I’ve been thinking about Nest’s business.

They sell a $249 thermostat. Assuming typical margin structure, when Nest sells one at Home Depot, they probably makes about $66*.

That sounds pretty decent. It’s enough to cover some retail returns, a bit of customer support, and still turn a profit if you sell enough of them.

Except for one thing: that thermostat is going to sit on the wall for 10 years. Maybe 20.

Nest has to spend money to keep it working the whole time. These thermostats connect to cloud servers, which must be kept running. iOS and Android apps need regular updates for security and compliance with ever-changing phone SDKs — if Nest stopped updating those apps, they’d stop working. (Even software systems, somehow, fall under the law of entropy.)

Even worse for Nest, we’ve all come to expect that apps get better over time. We want new integrations with other devices, we want updated design and skinner typefaces. We want swipes in the UI. That takes work, too.

Finally, over the next 10 years, you’re probably going to upgrade your Wi-Fi router at least once, creating a non-zero chance that something will go wrong and you’ll need to call Nest support. That’s also expensive for Nest.

The trouble is: All of Nest’s revenue is up-front, but their costs continue for years.

So instead of thinking of it as $66 in gross margin, we might start to think of it as $6.60 per year. Or 55¢ a month.

Nest better hope people don’t keep those thermostats for 20 or 30 years.

Is there an alternative? What if Nest charged $10/month instead of $249 up-front? Margins look tighter in the first year, but after 10 years revenue would total $1200. That’s a lot more money to support services and upgrades.

Consumers might object, of course. But they might not. Few people pay for their cell phones up front, preferring to finance them over time, often at terrible interest rates. What if the $10/month were part of your utility bill? Since Nest is saving you $140/year, you might not even notice.

We also see plenty of evidence that consumers are getting comfortable with subscription fees. Nest’s camera offers a subscription with additional features, and something like 40% of buyers pay it. (Now that is a great business.)

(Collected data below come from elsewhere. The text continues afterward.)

(* Let $K\subseteq\mathbb{R}^2$ be a centrally symmetric closed convex set with non-empty interior. Then $\mu_2(K)\le 2\mu_1(K)$.
   Context: For $j=1,2$, the $j$-th covering minimum is $\mu_j(K):=\inf\{t\ge0:\text{every }(2-j)\text{-dimensional affine subspace of }\mathbb{R}^2\text{ intersects }tK+\mathbb{Z}^2\}$. Thus $\mu_1(K)$ is the least $t$ such that every line meets $tK+\mathbb{Z}^2$, and $\mu_2(K)$ is the least $t$ such that $tK+\mathbb{Z}^2=\mathbb{R}^2$. $K$ is centrally symmetric if $K=2c-K$ for some $c\in\mathbb{R}^2$. *)

(* the plane R^2 is modelled as R * R with the
   product (= Euclidean) topology, for an arbitrary R : realType. *)
From HB Require Import structures.
From mathcomp Require Import all_boot all_order all_algebra.
From mathcomp Require Import all_classical all_reals all_analysis.
Set Implicit Arguments. Unset Strict Implicit. Unset Printing Implicit Defensive.
Import Order.TTheory GRing.Theory Num.Theory numFieldNormedType.Exports.
Local Open Scope classical_set_scope.
Local Open Scope ring_scope.

Section Plane.
Variable R : realType.
Notation pt := (R * R)%type.

Definition scale_pt (t : R) (x : pt) : pt := (t * x.1, t * x.2).
Definition add_pt (x y : pt) : pt := (x.1 + y.1, x.2 + y.2).

Definition lattice : set pt :=
  [set z | exists m n : int, z = (m%:~R, n%:~R)].

Definition scaled_translates (t : R) (K : set pt) : set pt :=
  [set add_pt (scale_pt t k) z | k in K & z in lattice].

Definition convex_set2 (K : set pt) : Prop :=
  forall x y, K x -> K y -> forall l : R, 0 <= l -> l <= 1 ->
    K (add_pt (scale_pt (1 - l) x) (scale_pt l y)).

Definition centrally_symmetric (K : set pt) : Prop :=
  exists c : pt, K = [set (2 * c.1 - x.1, 2 * c.2 - x.2) | x in K].

Definition line (p v : pt) : set pt := [set add_pt p (scale_pt s v) | s in [set: R]].

Definition mu1 (K : set pt) : R :=
  inf [set t : R | 0 <= t /\
        forall p v : pt, v != (0, 0) -> line p v `&` scaled_translates t K !=set0].

(* mu_2: every point (0-dim affine subspace) meets tK + Z^2, i.e. tK + Z^2 = R^2 *)
Definition mu2 (K : set pt) : R :=
  inf [set t : R | 0 <= t /\ scaled_translates t K = [set: pt]].

End Plane.

(* If every line meets tK + Z^2 and K is symmetric about c, then for every
   nonzero integer vector u the level line u.x = 1/2 + t u.c hits a lattice
   translate of tK; this gives a point k of K (possibly after reflecting
   through c) with t u.(k - c) >= 1/2. Hence the body L = 2t(K - c) satisfies
   h_L(u) >= 1 for all such u, where h_L is the support function, and it
   remains to see that such a symmetric convex L covers the plane by lattice
   translates. Cutting L with a large square keeps this hypothesis, so L may
   be assumed compact. Take a primitive v minimising h_L and complete it to a
   unimodular basis (v, w) in which the maximiser of v, scaled to height 1,
   has w-coordinate in [0, 1). Together with the normalised maximisers of w
   and w - v (their v-coordinates lie in [-1, 1] by minimality of h_L(v)), a
   case analysis shows that the chords of L at v-heights 1/2 and -1/2 have
   w-lengths summing to at least 1. By convexity L then contains, at every
   v-height in [-1/2, 1/2], a segment of w-length at least 1, into which every
   point of the plane is moved by some lattice vector. *)

From HB Require Import structures.
From mathcomp Require Import all_boot all_order all_algebra.
From mathcomp Require Import all_classical all_reals all_analysis.
From mathcomp Require Import ring lra zify.
Import Order.TTheory GRing.Theory Num.Theory numFieldNormedType.Exports.
Local Open Scope classical_set_scope.
Local Open Scope ring_scope.
Set Implicit Arguments. Unset Strict Implicit. Unset Printing Implicit Defensive.

Section LatticeCovering.
Variable R : realType.
Notation pt := (R * R)%type.
Implicit Types (K L : set pt) (u v w : int * int).

Definition comb (l : R) (x y : pt) : pt := add_pt (scale_pt (1 - l) x) (scale_pt l y).

Definition opp_pt (x : pt) : pt := (- x.1, - x.2).

Definition origin_symmetric L := forall x, L x -> L (opp_pt x).

Definition dotz u (x : pt) : R := u.1%:~R * x.1 + u.2%:~R * x.2.

Lemma dotz_comb u l x y : dotz u (comb l x y) = (1 - l) * dotz u x + l * dotz u y.
Proof. by rewrite /dotz /=; ring. Qed.

Lemma dotz_opp u x : dotz u (opp_pt x) = - dotz u x.
Proof. by rewrite /dotz /=; ring. Qed.

Lemma dotz_comb0 u l x : dotz u (comb l (0, 0) x) = l * dotz u x.
Proof. by rewrite dotz_comb /dotz /=; ring. Qed.

Definition square (M : R) : set pt := [set x | `|x.1| <= M /\ `|x.2| <= M].

Lemma subset_square (M M' : R) : M <= M' -> square M `<=` square M'.
Proof. by move=> MM' x [x1 x2]; split; exact: le_trans MM'. Qed.

Lemma compact_square (M : R) : compact (square M).
Proof.
have -> : square M = `[-M, M] `*` `[-M, M].
  by apply/seteqP; split => x /=; rewrite !in_itv /= -!ler_norml.
by apply: compact_setX; exact: segment_compact.
Qed.

Lemma origin_symmetric_square (M : R) : origin_symmetric (square M).
Proof. by move=> x [x1 x2]; split; rewrite /= normrN. Qed.

Lemma convex_square (M : R) : convex_set2 (square M).
Proof.
have comb_le (a b l : R) : 0 <= l -> l <= 1 -> `|a| <= M -> `|b| <= M ->
    `|(1 - l) * a + l * b| <= M.
  move=> l0 l1 aM bM; apply: le_trans (ler_normD _ _) _.
  rewrite !normrM (ger0_norm l0) ger0_norm ?subr_ge0 //.
  have e1 : (1 - l) * `|a| <= (1 - l) * M by rewrite ler_wpM2l // subr_ge0.
  have e2 : l * `|b| <= l * M by rewrite ler_wpM2l.
  by apply: le_trans (lerD e1 e2) _; lra.
by move=> x y [x1 x2] [y1 y2] l l0 l1; split; exact: comb_le.
Qed.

It’s also worth mentioning that it’s harder to finance a business like this. Unless, of course, your parent company has $83B of cash in the bank.

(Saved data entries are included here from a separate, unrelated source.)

(* Let $n\ge1$, $a_1,\dots,a_n,b\in\mathbb{Z}$, $m\in\mathbb{Z}$, $m\ne0$, and suppose the congruence $$a_1x_1+\dots+a_nx_n\equiv b\pmod m \qquad (1)$$ has at least one solution. Let $P_1=(a_1,\dots,a_n,m)\cdot|m|^{n-1}$ and $P_2=(a_1,m)\cdots(a_n,m)$. Then (1) has a base, and every base of (1) consists of exactly $P_1/P_2$ solutions (in particular $P_1/P_2$ is a positive integer, and all bases of (1) have the same number of elements).
   Context: $(c_1,\dots,c_k)$ denotes the positive greatest common divisor. A solution of (1) is a vector in $\mathbb{Z}^n$ satisfying (1); two solutions $X,Y$ are distinct if $X_i\not\equiv Y_i\pmod m$ for some $i$. For $i=1,\dots,n$ let $V_i\in\mathbb{Z}^n$ be the vector whose $i$-th coordinate is $\frac{m}{(a_i,m)}$ and whose other coordinates are $0$, and let $A\subseteq\mathbb{Z}^n$ be the $\mathbb{Z}$-module generated by $V_1,\dots,V_n$. Two solutions $X,Y$ of (1) are called independent if $X-Y\notin A$, and dependent otherwise. Solutions $X^1,\dots,X^s$ of (1) form a base of (1) if they are pairwise independent and every solution of (1) is congruent modulo $m$ (coordinatewise) to a vector of the form $X^j+\sum_{i=1}^n t_iV_i$ for some $j\in\{1,\dots,s\}$ and integers $t_i$ with $0\le t_i<(a_i,m)$. *)

From HB Require Import structures.
From mathcomp Require Import all_boot all_order all_algebra.
Set Implicit Arguments. Unset Strict Implicit. Unset Printing Implicit Defensive.
Import Order.TTheory GRing.Theory Num.Theory.
Local Open Scope ring_scope.

Definition is_solution (n : nat) (a : 'I_n -> int) (b m : int) (X : 'I_n -> int) : Prop :=
  (\sum_(i < n) a i * X i = b %[mod m])%Z.

Definition Vvec (n : nat) (a : 'I_n -> int) (m : int) (i : 'I_n) : 'I_n -> int :=
  fun j => if i == j then (m %/ gcdz (a i) m)%Z else 0.

Definition inA (n : nat) (a : 'I_n -> int) (m : int) (v : 'I_n -> int) : Prop :=
  exists t : 'I_n -> int, forall j, v j = \sum_(i < n) t i * Vvec a m i j.

Definition independent (n : nat) (a : 'I_n -> int) (m : int) (X Y : 'I_n -> int) : Prop :=
  ~ inA a m (fun j => X j - Y j).

Definition is_base (n : nat) (a : 'I_n -> int) (b m : int) (s : nat)
    (Xs : 'I_s -> ('I_n -> int)) : Prop :=
  [/\ forall k, is_solution a b m (Xs k),
      forall k l, k != l -> independent a m (Xs k) (Xs l) &
      forall Y, is_solution a b m Y ->
        exists k : 'I_s, exists t : 'I_n -> int,
          (forall i, 0 <= t i < gcdz (a i) m) /\
          forall j, (Y j = Xs k j + \sum_(i < n) t i * Vvec a m i j %[mod m])%Z].

Definition P1 (n : nat) (a : 'I_n -> int) (m : int) : int :=
  gcdz (\big[gcdz/0%Z]_(i < n) a i) m * `|m| ^+ n.-1.

Definition P2 (n : nat) (a : 'I_n -> int) (m : int) : int :=
  \prod_(i < n) gcdz (a i) m.

From HB Require Import structures.
From mathcomp Require Import all_boot all_order all_algebra zify ring.
Import Order.TTheory GRing.Theory Num.Theory.
Set Implicit Arguments. Unset Strict Implicit. Unset Printing Implicit Defensive.
Local Open Scope ring_scope.

(* Put q_i = |m| / (a_i, m).  Two vectors are dependent iff they agree
   coordinatewise modulo the q_i, and m divides a_i q_i, so the left-hand side
   of the congruence modulo m only depends on the residue vector in
   prod_i Z/q_i.  A base is thus a set of representatives of the residue
   vectors solving the congruence, i.e. of one fibre of r |-> sum_i a_i r_i
   (mod m).  Nonempty fibres are translates of each other, and by Bezout they
   lie over exactly the |m|/d residues mod m divisible by
   d = (a_1, ..., a_n, m); each therefore has prod_i q_i / (|m|/d)
   = d |m|^(n-1) / prod_i (a_i, m) = P1/P2 elements. *)

Lemma biggcdz_dvd (I : finType) (F : I -> int) i : (\big[gcdz/0]_(j : I) F j %| F i)%Z.
Proof.
have : i \in index_enum I by rewrite mem_index_enum.
elim: (index_enum I) => // j r IHr; rewrite inE big_cons => /orP[/eqP <-|/IHr].
  exact: dvdz_gcdl.
exact: dvdz_trans (dvdz_gcdr _ _).
Qed.

Lemma biggcdz_combination (I : finType) (F : I -> int) :
  exists u : I -> int, \big[gcdz/0]_(i : I) F i = \sum_(i : I) u i * F i.
Proof.
apply: (big_ind (fun x => exists u : I -> int, x = \sum_i u i * F i)).
- by exists (fun=> 0); rewrite big1 // => i _; rewrite mul0r.
- move=> _ _ [u ->] [w ->].
  have [v [v' <-]] := Bezoutz (\sum_i u i * F i) (\sum_i w i * F i).
  exists (fun i => v * u i + v' * w i); rewrite !mulr_sumr -big_split.
  by apply: eq_bigr => i _; rewrite mulrDl !mulrA.
- move=> i _; exists (fun j => (j == i)%:R).
  by rewrite (bigD1 i) //= eqxx mul1r big1 ?addr0 // => j /negPf->; rewrite mul0r.
Qed.

Lemma sum_dvdn_ord (D M : nat) : (0 < M)%N -> (D %| M)%N ->
  (\sum_(j < M) (D %| j))%N = (M %/ D)%N.
Proof.
move=> M_gt0 dvdDM; rewrite divn_count_dvd big_nat_recr //= dvdDM.
rewrite -(big_mkord xpredT (fun j => nat_of_bool (D %| j)%N)) big_ltn //.
by rewrite dvdn0 addnC.
Qed.

Section LinearCongruence.

Variables (n : nat) (a : 'I_n -> int) (m : int).
Hypothesis m_neq0 : m != 0.

Definition lhs (X : 'I_n -> int) : int := \sum_(i < n) a i * X i.

Definition period (i : 'I_n) : nat := `|(m %/ gcdz (a i) m)%Z|%N.

Lemma period_mul_gcd i : (period i * `|gcdz (a i) m|)%N = `|m|%N.
Proof. by rewrite /period -abszM divzK ?dvdz_gcdr. Qed.

Lemma period_gt0 i : (0 < period i)%N.
Proof.
move: (period_mul_gcd i); case: (period i) => //= /esym/eqP.
by rewrite absz_eq0 (negPf m_neq0).
Qed.

Lemma dvdz_coef_period i : (m %| a i * (period i)%:Z)%Z.
Proof. by rewrite dvdzE abszM absz_nat /period -abszM mulz_divCA_gcd abszM dvdn_mulr. Qed.

Lemma sum_Vvec (t : 'I_n -> int) j :
  \sum_(i < n) t i * Vvec a m i j = t j * (m %/ gcdz (a j) m)%Z.
Proof.
rewrite (bigD1 j) //= big1 ?addr0 => [|i /negPf ij]; rewrite /Vvec ?eqxx //.
by rewrite ij mulr0.
Qed.

Lemma inA_periodP (v : 'I_n -> int) : inA a m v <-> forall j, ((period j)%:Z %| v j)%Z.
Proof.
split=> [[t Ht] j | dvd_v]; first by rewrite Ht sum_Vvec; apply: dvdz_mull; exact: dvdzz.
exists (fun j => (v j %/ (m %/ gcdz (a j) m)%Z)%Z) => j.
by rewrite sum_Vvec divzK ?dvd_v.
Qed.

Definition residue := {dffun forall i : 'I_n, 'I_(period i)}.

Lemma residue_lt (X : 'I_n -> int) i : (`|(X i %% period i)%Z| < period i)%N.
Proof.
have q0 : (period i)%:Z != 0 by rewrite eqz_nat -lt0n period_gt0.
have := modz_ge0 (X i) q0; have := ltz_mod (X i) q0; lia.
Qed.

Definition res (X : 'I_n -> int) : residue := [ffun i => Ordinal (residue_lt X i)].

Definition rep (f : residue) : 'I_n -> int := fun i => (f i : nat)%:Z.

Lemma rep_res (X : 'I_n -> int) i : rep (res X) i = (X i %% period i)%Z.
Proof.
rewrite /rep ffunE /= gez0_abs // modz_ge0 // eqz_nat -lt0n period_gt0 //.
Qed.

Lemma res_rep (f : residue) : res (rep f) = f.
Proof.
apply/ffunP => i; apply/val_inj; rewrite ffunE /= modz_small ?absz_nat //.
by rewrite /rep !lez_nat ltz_nat ltn_ord.
Qed.

Lemma res_eqP (X Y : 'I_n -> int) :
  reflect (forall i, ((period i)%:Z %| X i - Y i)%Z) (res X == res Y).
Proof.
apply: (iffP eqP) => [eqXY i | dvdXY].
  by rewrite -eqz_mod_dvd -!rep_res eqXY.
apply/ffunP => i; apply/val_inj/eqP; rewrite -eqz_nat.
by rewrite -[_%:Z]/(rep _ i) -[X in _ == X]/(rep _ i) !rep_res eqz_mod_dvd.
Qed.

Lemma lhs_res_congr (X Y : 'I_n -> int) : res X = res Y -> (m %| lhs X - lhs Y)%Z.
Proof.
move/eqP/res_eqP => dvdXY; rewrite /lhs -sumrB; apply: rpred_sum => i _.
rewrite -mulrBr; have /dvdzP[k ->] := dvdXY i; rewrite mulrA mulrAC.
exact/dvdz_mulr/dvdz_coef_period.
Qed.

Definition fibre (c : int) : {set residue} := [set f | (m %| lhs (rep f) - c)%Z].

Lemma res_in_fibre (X : 'I_n -> int) c : (res X \in fibre c) = (m %| lhs X - c)%Z.
Proof.
rewrite inE.
have -> : lhs (rep (res X)) - c = (lhs (rep (res X)) - lhs X) + (lhs X - c).
  by rewrite addrA subrK.
by rewrite rpredDl // lhs_res_congr ?res_rep.
Qed.

Lemma solution_fibre b (X : 'I_n -> int) : is_solution a b m X <-> res X \in fibre b.
Proof. by rewrite res_in_fibre -eqz_mod_dvd; split=> /eqP. Qed.

Definition gcd_am : int := gcdz (\big[gcdz/0]_(i < n) a i) m.

Lemma fibre_neq0 c : (fibre c != set0) = (gcd_am %| c)%Z.
Proof.
apply/set0Pn/idP => [[f] | /dvdzP[k ->]].
  rewrite inE => dvd_mc.
  have dvd_lhs : (gcd_am %| lhs (rep f))%Z.
    apply: rpred_sum => i _; apply: dvdz_mulr.
    exact: dvdz_trans (dvdz_gcdl _ _) (biggcdz_dvd _ _).
  by rewrite -(rpredBl _ dvd_lhs) (dvdz_trans (dvdz_gcdr _ _) dvd_mc).
have [u gcd_a] := biggcdz_combination a.
have [v [w gcd_am_vw]] := Bezoutz (\big[gcdz/0]_(i < n) a i) m.
exists (res (fun i => k * v * u i)); rewrite res_in_fibre /gcd_am -gcd_am_vw.
have -> : lhs (fun i => k * v * u i) = k * v * \big[gcdz/0]_(i < n) a i.
  by rewrite /lhs gcd_a mulr_sumr; apply: eq_bigr => i _; ring.
have -> : forall g : int, k * v * g - k * (v * g + w * m) = - (k * w) * m by move=> g; ring.
by rewrite dvdz_mull.
Qed.

Lemma card_fibre_le c c' :
  fibre c != set0 -> fibre c' != set0 -> (#|fibre c| <= #|fibre c'|)%N.
Proof.
move=> /set0Pn[f0 f0c] /set0Pn[f1 f1c'].
pose shift f := res (fun i => rep f i + (rep f1 i - rep f0 i)).
have shift_inj : injective shift.
  move=> f f' /eqP/res_eqP eq_ff'; rewrite -[f]res_rep -[f']res_rep.
  by apply/eqP/res_eqP => i; move: (eq_ff' i); rewrite opprD addrACA subrr addr0.
rewrite -(card_imset _ shift_inj); apply/subset_leq_card/subsetP => _ /imsetP[f fc ->].
move: f0c f1c' fc; rewrite res_in_fibre !inE => f0c f1c' fc.
have -> : lhs (fun i => rep f i + (rep f1 i - rep f0 i)) =
    lhs (rep f) + lhs (rep f1) - lhs (rep f0).
  by rewrite /lhs -big_split -sumrB; apply: eq_bigr => i _ /=; ring.
have -> : forall x y z : int, x + y - z - c' = (x - c) + (y - c') - (z - c) by move=> *; ring.
exact: rpredB (rpredD fc f1c') f0c.
Qed.

Lemma card_fibre b c :
  fibre b != set0 -> #|fibre c| = ((gcd_am %| c)%Z * #|fibre b|)%N.
Proof.
move=> fb_neq0; have [dvd_c | ndvd_c] := boolP (gcd_am %| c)%Z.
  have fc_neq0 : fibre c != set0 by rewrite fibre_neq0.
  by rewrite mul1n; apply/eqP; rewrite eqn_leq !card_fibre_le.
by rewrite mul0n; apply/eqP; rewrite cards_eq0; move: ndvd_c; rewrite -fibre_neq0 negbK.
Qed.

Lemma card_residue : #|{: residue}| = (\prod_(i < n) period i)%N.
Proof.
by rewrite card_dep_ffun foldrE big_image; apply: eq_bigr => i _; rewrite card_ord.
Qed.

Lemma lhs_mod_lt (X : 'I_n -> int) : (`|(lhs X %% m)%Z| < `|m|)%N.
Proof. have := modz_ge0 (lhs X) m_neq0; have := ltz_mod (lhs X) m_neq0; lia. Qed.

Lemma card_residue_fibres : #|{: residue}| = (\sum_(j < `|m|) #|fibre j|)%N.
Proof.
pose p (f : residue) : 'I_`|m| := Ordinal (lhs_mod_lt (rep f)).
rewrite -sum1_card (partition_big p xpredT) //=; apply: eq_bigr => j _.
rewrite sum1dep_card; apply: eq_card => f; rewrite !inE -eqz_mod_dvd -val_eqE /=.
rewrite -eqz_nat gez0_abs ?modz_ge0 // -[(j %% m)%Z]modz_abs [(j %% _)%Z]modz_small //= ltz_nat.
exact: ltn_ord.
Qed.

Lemma card_fibre_prod_gcd b : (0 < n)%N -> fibre b != set0 ->
  (#|fibre b| * \prod_(i < n) `|gcdz (a i) m|)%N = (`|gcd_am| * `|m| ^ n.-1)%N.
Proof.
move=> n_gt0 fb_neq0.
(* Side conditions mentioning [gcd_am] are discharged explicitly: [//] would
   try to evaluate [\big[gcdz/0]] and does not terminate in reasonable time. *)
have M_gt0 : (0 < `|m|)%N by rewrite absz_gt0.
have dvdDM : (`|gcd_am| %| `|m|)%N by rewrite /gcd_am; apply: dvdz_gcdr.
have MD_gt0 : (0 < `|m| %/ `|gcd_am|)%N.
  by rewrite (divn_gt0 _ (dvdn_gt0 M_gt0 dvdDM)) (dvdn_leq M_gt0 dvdDM).
have prod_period : (\prod_(i < n) period i = #|fibre b| * (`|m| %/ `|gcd_am|))%N.
  rewrite -card_residue card_residue_fibres.
  under eq_bigr do rewrite (card_fibre _ fb_neq0) dvdzE absz_nat.
  by rewrite -big_distrl /= (sum_dvdn_ord M_gt0 dvdDM) mulnC.
have prod_mul : (\prod_(i < n) period i * \prod_(i < n) `|gcdz (a i) m| = `|m| ^ n)%N.
  rewrite -big_split /= (eq_bigr (fun=> `|m|%N)) => [|i _]; last exact: period_mul_gcd.
  by rewrite prod_nat_const card_ord.
apply/eqP; rewrite -(eqn_pmul2r MD_gt0) mulnAC -prod_period prod_mul.
by rewrite mulnAC [(`|gcd_am| * _)%N]mulnC (divnK dvdDM) -expnS (prednK n_gt0).
Qed.

Lemma independent_res (X Y : 'I_n -> int) : independent a m X Y <-> res X != res Y.
Proof.
split=> [notA | /eqP neqXY /inA_periodP dvdXY].
  by apply/eqP=> eqXY; apply/notA/inA_periodP/res_eqP/eqP.
exact/neqXY/eqP/res_eqP.
Qed.

Lemma res_eq_Vvec (X Y : 'I_n -> int) :
  res Y = res X <->
  exists t : 'I_n -> int, (forall i, 0 <= t i < gcdz (a i) m) /\
    forall j, (Y j = X j + \sum_(i < n) t i * Vvec a m i j %[mod m])%Z.
Proof.
split=> [/eqP/res_eqP dvdYX | [t [_ congrYX]]].
  pose w j := ((Y j - X j) %/ (m %/ gcdz (a j) m)%Z)%Z.
  exists (fun j => (w j %% gcdz (a j) m)%Z); split=> [i | j].
    have g_neq0 : gcdz (a i) m != 0 by rewrite gcdz_eq0 negb_and m_neq0 orbT.
    by rewrite modz_ge0 //= -[X in _ < X]gez0_abs ?ltz_mod.
  apply/eqP; rewrite eqz_mod_dvd sum_Vvec /=.
  have wK : w j * (m %/ gcdz (a j) m)%Z = Y j - X j by rewrite /w divzK //; exact: dvdYX.
  have -> : Y j - (X j + (w j %% gcdz (a j) m)%Z * (m %/ gcdz (a j) m)%Z) =
      (w j %/ gcdz (a j) m)%Z * ((m %/ gcdz (a j) m)%Z * gcdz (a j) m).
    by rewrite opprD addrA -wK {1}(divz_eq (w j) (gcdz (a j) m)); ring.
  by rewrite divzK ?dvdz_gcdr // dvdz_mull.
apply/eqP/res_eqP => j.
have /eqP := congrYX j; rewrite eqz_mod_dvd sum_Vvec => dvd_m.
have dvd_period_m : ((period j)%:Z %| m)%Z.
  by rewrite dvdzE absz_nat -(period_mul_gcd j) dvdn_mulr.
have -> : Y j - X j = (Y j - (X j + t j * (m %/ gcdz (a j) m)%Z)) + t j * (m %/ gcdz (a j) m)%Z.
  by rewrite opprD addrA subrK.
by apply: rpredD; [exact: dvdz_trans dvd_m | apply: dvdz_mull; exact: dvdzz].
Qed.

Lemma card_base b s (Xs : 'I_s -> 'I_n -> int) : is_base a b m Xs -> s = #|fibre b|.
Proof.
case=> sol indep cover.
have res_inj : injective (fun k => res (Xs k)).
  move=> k l eq_kl; apply/eqP; apply: contraT => /indep.
  by move/independent_res; rewrite eq_kl eqxx.
have <- : [set res (Xs k) | k in 'I_s] = fibre b.
  apply/setP => f; apply/imsetP/idP => [[k _ ->] | fb]; first exact/solution_fibre/sol.
  have [|k [t t_cover]] := cover (rep f); first by apply/solution_fibre; rewrite res_rep.
  by exists k => //; rewrite -[f]res_rep; apply/res_eq_Vvec; exists t.
by rewrite card_imset // card_ord.
Qed.

Lemma base_exists b : exists Xs : 'I_#|fibre b| -> 'I_n -> int, is_base a b m Xs.
Proof.
exists (fun k => rep (enum_val k)); split=> [k | k l kl | Y /solution_fibre Yb].
- by apply/solution_fibre; rewrite res_rep enum_valP.
- by apply/independent_res; rewrite !res_rep (inj_eq enum_val_inj).
- exists (enum_rank_in Yb (res Y)); apply/res_eq_Vvec.
  by rewrite res_rep enum_rankK_in.
Qed.

Lemma P1_card_fibre b : (0 < n)%N -> fibre b != set0 -> P1 a m = #|fibre b|%:Z * P2 a m.
Proof.
move=> n_gt0 fb_neq0; have := congr1 Posz (card_fibre_prod_gcd n_gt0 fb_neq0).
have gcd_am_ge0 : 0 <= gcd_am by rewrite /gcd_am /gcdz.
rewrite !PoszM (big_morph Posz PoszM (erefl 1%:Z)) (gez0_abs gcd_am_ge0) -abszX abszE normrX.
by rewrite /P1 /P2 -/gcd_am => <-.
Qed.

End LinearCongruence.

Theorem theorem4 (n : nat) (a : 'I_n -> int) (b m : int) :
  (0 < n)%N -> m != 0 ->
  (exists X : 'I_n -> int, is_solution a b m X) ->
  [/\ (P2 a m %| P1 a m)%Z,
      0 < (P1 a m %/ P2 a m)%Z,
      (exists s (Xs : 'I_s -> ('I_n -> int)), is_base a b m Xs) &
      forall s (Xs : 'I_s -> ('I_n -> int)), is_base a b m Xs ->
        (s%:Z = P1 a m %/ P2 a m)%Z].
Proof.
move=> n_gt0 m_neq0 [X0 solX0].
have fb_neq0 : fibre a m b != set0.
  by apply/set0Pn; exists (res a m_neq0 X0); exact/solution_fibre.
have P2_neq0 : P2 a m != 0.
  by rewrite prodf_seq_neq0; apply/allP => i _; rewrite gcdz_eq0 negb_and m_neq0 orbT.
have P1E := P1_card_fibre m_neq0 n_gt0 fb_neq0.
have quotE : (P1 a m %/ P2 a m)%Z = #|fibre a m b| by rewrite P1E mulzK.
split.
- by rewrite P1E dvdz_mull.
- by rewrite quotE ltz_nat card_gt0.
- by have [Xs baseXs] := base_exists a m_neq0 b; exists #|fibre a m b|, Xs.
- by move=> s Xs /(card_base m_neq0) ->; rewrite quotE.
Qed.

The point is, consumers are probably going to have to learn to pay for on-going services for connected devices. The economics just don’t work out any other way.

(One exception is worth mentioning: devices that make money over time. Phones are used to buy apps and rent movies, so Apple and Google have an incentive to keep your devices up-to-date (other phone manufacturers do not have the same incentives). Amazon’s Alexa probably won’t ever have a service fee, because you’ll use it to buy more things on Amazon. In commercial IoT, where I work, businesses know that they need ongoing support, and they’re typically happy to pay for it.)

*Assumes 40% margin, or $100 to Home Depot, $76 in COGS including $63 in parts and 20% for assembly, yield loss, delivery, etc… $249–100–76=$66.

Daniel is co-founder of Beep Networks, an enabler of easy-to-deploy long-range IoT networks and systems.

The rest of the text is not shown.